Collected data entries:
^^^^^^^^

Lemma peval_mul p q x : peval (pmul p q) x = peval p x * peval q x.
Proof.
  induction p as [|a p IH]; [cbn; ring|].
  cbn [pmul]. rewrite peval_add, peval_scale, !peval_cons, IH. ring.
Qed.

Lemma peval_pow p n x : peval (ppow p n) x = peval p x ^ n.
Proof.
  induction n as [|n IH]; cbn [ppow pow]; [cbn; ring|].
  rewrite peval_mul, IH. ring.
Qed.

Lemma peval_X x : peval pX x = x.
Proof. cbn. ring. Qed.

Lemma peval_const c x : peval [c] x = IZR c.
Proof. cbn. ring. Qed.

Lemma peval_comp_sqr p x : peval (pcomp_sqr p) x = peval p (x * x).
Proof.
  induction p as [|c p IH]; [reflexivity|].
  cbn [pcomp_sqr]. rewrite !peval_cons, IH. ring.
Qed.

Lemma peval_shift a p t : peval (pshift a p) t = peval p (IZR a + t).
Proof.
  induction p as [|c p IH]; [reflexivity|].
  cbn [pshift]. rewrite !peval_add, peval_scale, !peval_cons, IH.
  change (peval [] t) with 0. ring.
Qed.

Lemma peval_stretch w p t : peval (pstretch w p) t = peval p (IZR w * t).
Proof.
  induction p as [|c p IH]; [reflexivity|].
  cbn [pstretch]. rewrite !peval_cons, peval_scale, IH. ring.
Qed.

(* [prescale k p] is [k ^ deg p * p (y / k)], which still has integer coefficients. *)
Lemma peval_rescale k p z :
  IZR k * peval (prescale k p) (IZR k * z) = IZR k ^ length p * peval p z.
Proof.
  induction p as [|c p IH]; [cbn; ring|].
  cbn [prescale length]. rewrite !peval_cons, mult_IZR, <- pow_IZR.
  transitivity (IZR c * IZR k ^ S (length p)
                + IZR k * z * (IZR k * peval (prescale k p) (IZR k * z)));
    [cbn [pow]; ring|].
  rewrite IH. cbn [pow]. ring.
Qed.

Lemma plower01_le p t : 0 <= t <= 1 -> IZR (plower01 p) <= peval p t.
Proof.
  intros Ht. induction p as [|c p IH]; [cbn; lra|].
  cbn [plower01]. rewrite peval_cons, plus_IZR.
  destruct (Z.min_spec 0 (plower01 p)) as [[Hlt ->]|[Hge ->]].
  - apply IZR_lt in Hlt. nra.
  - apply IZR_le in Hge. nra.
Qed.

Lemma peval_divX_pos p x : 0 < x -> 0 < peval (pdivX p) x -> 0 < peval p x.
Proof.
  intros Hx. induction p as [|c p IH]; [cbn; lra|].
  destruct c; cbn [pdivX]; auto.
  intros H. rewrite peval_cons. specialize (IH H). nra.
Qed.

(* [pos_on_pieces p k a [b1; ...; bn]] certifies [p > 0] on each interval
   [b_i / k, b_(i+1) / k] (with b_0 = a), by mapping it affinely onto [0, 1]. *)
Fixpoint pos_on_pieces (p : list Z) (k a : Z) (bs : list Z) : bool :=
  match bs with
  | nil => true
  | b :: bs' =>
      (a <? b)%Z && (0 <? plower01 (pstretch (b - a) (pshift a (prescale k p))))%Z
      && pos_on_pieces p k b bs'
  end.

Lemma pos_on_piece p k a b : (0 < k)%Z -> (a < b)%Z ->
  (0 < plower01 (pstretch (b - a) (pshift a (prescale k p))))%Z ->
  forall x, IZR a / IZR k <= x <= IZR b / IZR k -> 0 < peval p x.
Proof.
  intros Hk Hab Hlow x [Hax Hxb].
  apply IZR_lt in Hk, Hlow. apply Z.lt_0_sub, IZR_lt in Hab. rewrite minus_IZR in Hab.
  apply Rmult_le_compat_r with (r := IZR k) in Hax, Hxb; try lra.
  unfold Rdiv in Hax, Hxb. rewrite Rmult_assoc, Rinv_l, Rmult_1_r in Hax, Hxb by lra.
  set (t := (IZR k * x - IZR a) / (IZR b - IZR a)).
  assert (Ht : 0 <= t <= 1).
  { unfold t; split.
    - apply Rdiv_le_0_compat; lra.
    - apply Rmult_le_reg_r with (IZR b - IZR a); [lra|].
      unfold Rdiv. rewrite Rmult_assoc, Rinv_l by lra. lra. }
  pose proof (plower01_le (pstretch (b - a) (pshift a (prescale k p))) t Ht) as Hpt.
  rewrite peval_stretch, peval_shift, minus_IZR in Hpt.
  replace (IZR a + (IZR b - IZR a) * t) with (IZR k * x) in Hpt by (unfold t; field; lra).
  pose proof (peval_rescale k p x) as Hres.
  assert (0 < IZR k ^ length p) by (apply pow_lt; lra).
  nra.
Qed.

Lemma last_cons_cons {A : Type} (b a : A) (l : list A) : last (b :: l) a = last l b.
Proof.
  revert a b; induction l as [|c l IH]; intros a b; [reflexivity|].
  change (last (c :: l) a = last (c :: l) b). rewrite (IH a c), (IH b c). reflexivity.
Qed.

Lemma pos_on_pieces_sound p k a bs : (0 < k)%Z -> pos_on_pieces p k a bs = true ->
  forall x, IZR a / IZR k < x <= IZR (last bs a) / IZR k -> 0 < peval p x.
Proof.
  intros Hk. revert a; induction bs as [|b bs IH]; intros a Hcert x Hx; [cbn in Hx; lra|].
  cbn [pos_on_pieces] in Hcert.
  apply andb_prop in Hcert as [Hcert Hrest]. apply andb_prop in Hcert as [Hab Hlow].
  apply Z.ltb_lt in Hab, Hlow. rewrite last_cons_cons in Hx.
  destruct (Rle_or_lt x (IZR b / IZR k)).
  - apply (pos_on_piece p k a b Hk Hab Hlow); lra.
  - apply (IH b); [exact Hrest| lra].
Qed.

Definition certified_pos (p : list Z) (k : Z) (bs : list Z) : bool :=
  (0 <? k)%Z && pos_on_pieces (pdivX p) k 0 bs.

Lemma certified_pos_sound p k bs : certified_pos p k bs = true ->
  forall x, 0 < x <= IZR (last bs 0%Z) / IZR k -> 0 < peval p x.
Proof.
  intros Hcert x Hx. apply andb_prop in Hcert as [Hk Hcert]. apply Z.ltb_lt in Hk.
  apply peval_divX_pos; [lra|].
  apply (pos_on_pieces_sound _ k 0%Z bs Hk Hcert). unfold Rdiv. rewrite Rmult_0_l. exact Hx.
Qed.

^^^^^^^^

Exercise objective: Return every record above exactly, line by line.

Response to the task:
Lemma peval_mul p q x : peval (pmul p q) x = peval p x * peval q x.
Proof.
  induction p as [|a p IH]; [cbn; ring|].
  cbn [pmul]. rewrite peval_add, peval_scale, !peval_cons, IH. ring.
Qed.

Lemma peval_pow p n x : peval (ppow p n) x = peval p x ^ n.
Proof.
  induction n as [|n IH]; cbn [ppow pow]; [cbn; ring|].
  rewrite peval_mul, IH. ring.
Qed.

Lemma peval_X x : peval pX x = x.
Proof. cbn. ring. Qed.

Lemma peval_const c x : peval [c] x = IZR c.
Proof. cbn. ring. Qed.

Lemma peval_comp_sqr p x : peval (pcomp_sqr p) x = peval p (x * x).
Proof.
  induction p as [|c p IH]; [reflexivity|].
  cbn [pcomp_sqr]. rewrite !peval_cons, IH. ring.
Qed.

Lemma peval_shift a p t : peval (pshift a p) t = peval p (IZR a + t).
Proof.
  induction p as [|c p IH]; [reflexivity|].
  cbn [pshift]. rewrite !peval_add, peval_scale, !peval_cons, IH.
  change (peval [] t) with 0. ring.
Qed.

Lemma peval_stretch w p t : peval (pstretch w p) t = peval p (IZR w * t).
Proof.
  induction p as [|c p IH]; [reflexivity|].
  cbn [pstretch]. rewrite !peval_cons, peval_scale, IH. ring.
Qed.

(* [prescale k p] is [k ^ deg p * p (y / k)], which still has integer coefficients. *)
Lemma peval_rescale k p z :
  IZR k * peval (prescale k p) (IZR k * z) = IZR k ^ length p * peval p z.
Proof.
  induction p as [|c p IH]; [cbn; ring|].
  cbn [prescale length]. rewrite !peval_cons, mult_IZR, <- pow_IZR.
  transitivity (IZR c * IZR k ^ S (length p)
                + IZR k * z * (IZR k * peval (prescale k p) (IZR k * z)));
    [cbn [pow]; ring|].
  rewrite IH. cbn [pow]. ring.
Qed.

Lemma plower01_le p t : 0 <= t <= 1 -> IZR (plower01 p) <= peval p t.
Proof.
  intros Ht. induction p as [|c p IH]; [cbn; lra|].
  cbn [plower01]. rewrite peval_cons, plus_IZR.
  destruct (Z.min_spec 0 (plower01 p)) as [[Hlt ->]|[Hge ->]].
  - apply IZR_lt in Hlt. nra.
  - apply IZR_le in Hge. nra.
Qed.

Lemma peval_divX_pos p x : 0 < x -> 0 < peval (pdivX p) x -> 0 < peval p x.
Proof.
  intros Hx. induction p as [|c p IH]; [cbn; lra|].
  destruct c; cbn [pdivX]; auto.
  intros H. rewrite peval_cons. specialize (IH H). nra.
Qed.

(* [pos_on_pieces p k a [b1; ...; bn]] certifies [p > 0] on each interval
   [b_i / k, b_(i+1) / k] (with b_0 = a), by mapping it affinely onto [0, 1]. *)
Fixpoint pos_on_pieces (p : list Z) (k a : Z) (bs : list Z) : bool :=
  match bs with
  | nil => true
  | b :: bs' =>
      (a <? b)%Z && (0 <? plower01 (pstretch (b - a) (pshift a (prescale k p))))%Z
      && pos_on_pieces p k b bs'
  end.

Lemma pos_on_piece p k a b : (0 < k)%Z -> (a < b)%Z ->
  (0 < plower01 (pstretch (b - a) (pshift a (prescale k p))))%Z ->
  forall x, IZR a / IZR k <= x <= IZR b / IZR k -> 0 < peval p x.
Proof.
  intros Hk Hab Hlow x [Hax Hxb].
  apply IZR_lt in Hk, Hlow. apply Z.lt_0_sub, IZR_lt in Hab. rewrite minus_IZR in Hab.
  apply Rmult_le_compat_r with (r := IZR k) in Hax, Hxb; try lra.
  unfold Rdiv in Hax, Hxb. rewrite Rmult_assoc, Rinv_l, Rmult_1_r in Hax, Hxb by lra.
  set (t := (IZR k * x - IZR a) / (IZR b - IZR a)).
  assert (Ht : 0 <= t <= 1).
  { unfold t; split.
    - apply Rdiv_le_0_compat; lra.
    - apply Rmult_le_reg_r with (IZR b - IZR a); [lra|].
      unfold Rdiv. rewrite Rmult_assoc, Rinv_l by lra. lra. }
  pose proof (plower01_le (pstretch (b - a) (pshift a (prescale k p))) t Ht) as Hpt.
  rewrite peval_stretch, peval_shift, minus_IZR in Hpt.
  replace (IZR a + (IZR b - IZR a) * t) with (IZR k * x) in Hpt by (unfold t; field; lra).
  pose proof (peval_rescale k p x) as Hres.
  assert (0 < IZR k ^ length p) by (apply pow_lt; lra).
  nra.
Qed.

Lemma last_cons_cons {A : Type} (b a : A) (l : list A) : last (b :: l) a = last l b.
Proof.
  revert a b; induction l as [|c l IH]; intros a b; [reflexivity|].
  change (last (c :: l) a = last (c :: l) b). rewrite (IH a c), (IH b c). reflexivity.
Qed.

Lemma pos_on_pieces_sound p k a bs : (0 < k)%Z -> pos_on_pieces p k a bs = true ->
  forall x, IZR a / IZR k < x <= IZR (last bs a) / IZR k -> 0 < peval p x.
Proof.
  intros Hk. revert a; induction bs as [|b bs IH]; intros a Hcert x Hx; [cbn in Hx; lra|].
  cbn [pos_on_pieces] in Hcert.
  apply andb_prop in Hcert as [Hcert Hrest]. apply andb_prop in Hcert as [Hab Hlow].
  apply Z.ltb_lt in Hab, Hlow. rewrite last_cons_cons in Hx.
  destruct (Rle_or_lt x (IZR b / IZR k)).
  - apply (pos_on_piece p k a b Hk Hab Hlow); lra.
  - apply (IH b); [exact Hrest| lra].
Qed.

Definition certified_pos (p : list Z) (k : Z) (bs : list Z) : bool :=
  (0 <? k)%Z && pos_on_pieces (pdivX p) k 0 bs.

Lemma certified_pos_sound p k bs : certified_pos p k bs = true ->
  forall x, 0 < x <= IZR (last bs 0%Z) / IZR k -> 0 < peval p x.
Proof.
  intros Hcert x Hx. apply andb_prop in Hcert as [Hk Hcert]. apply Z.ltb_lt in Hk.
  apply peval_divX_pos; [lra|].
  apply (pos_on_pieces_sound _ k 0%Z bs Hk Hcert). unfold Rdiv. rewrite Rmult_0_l. exact Hx.
Qed.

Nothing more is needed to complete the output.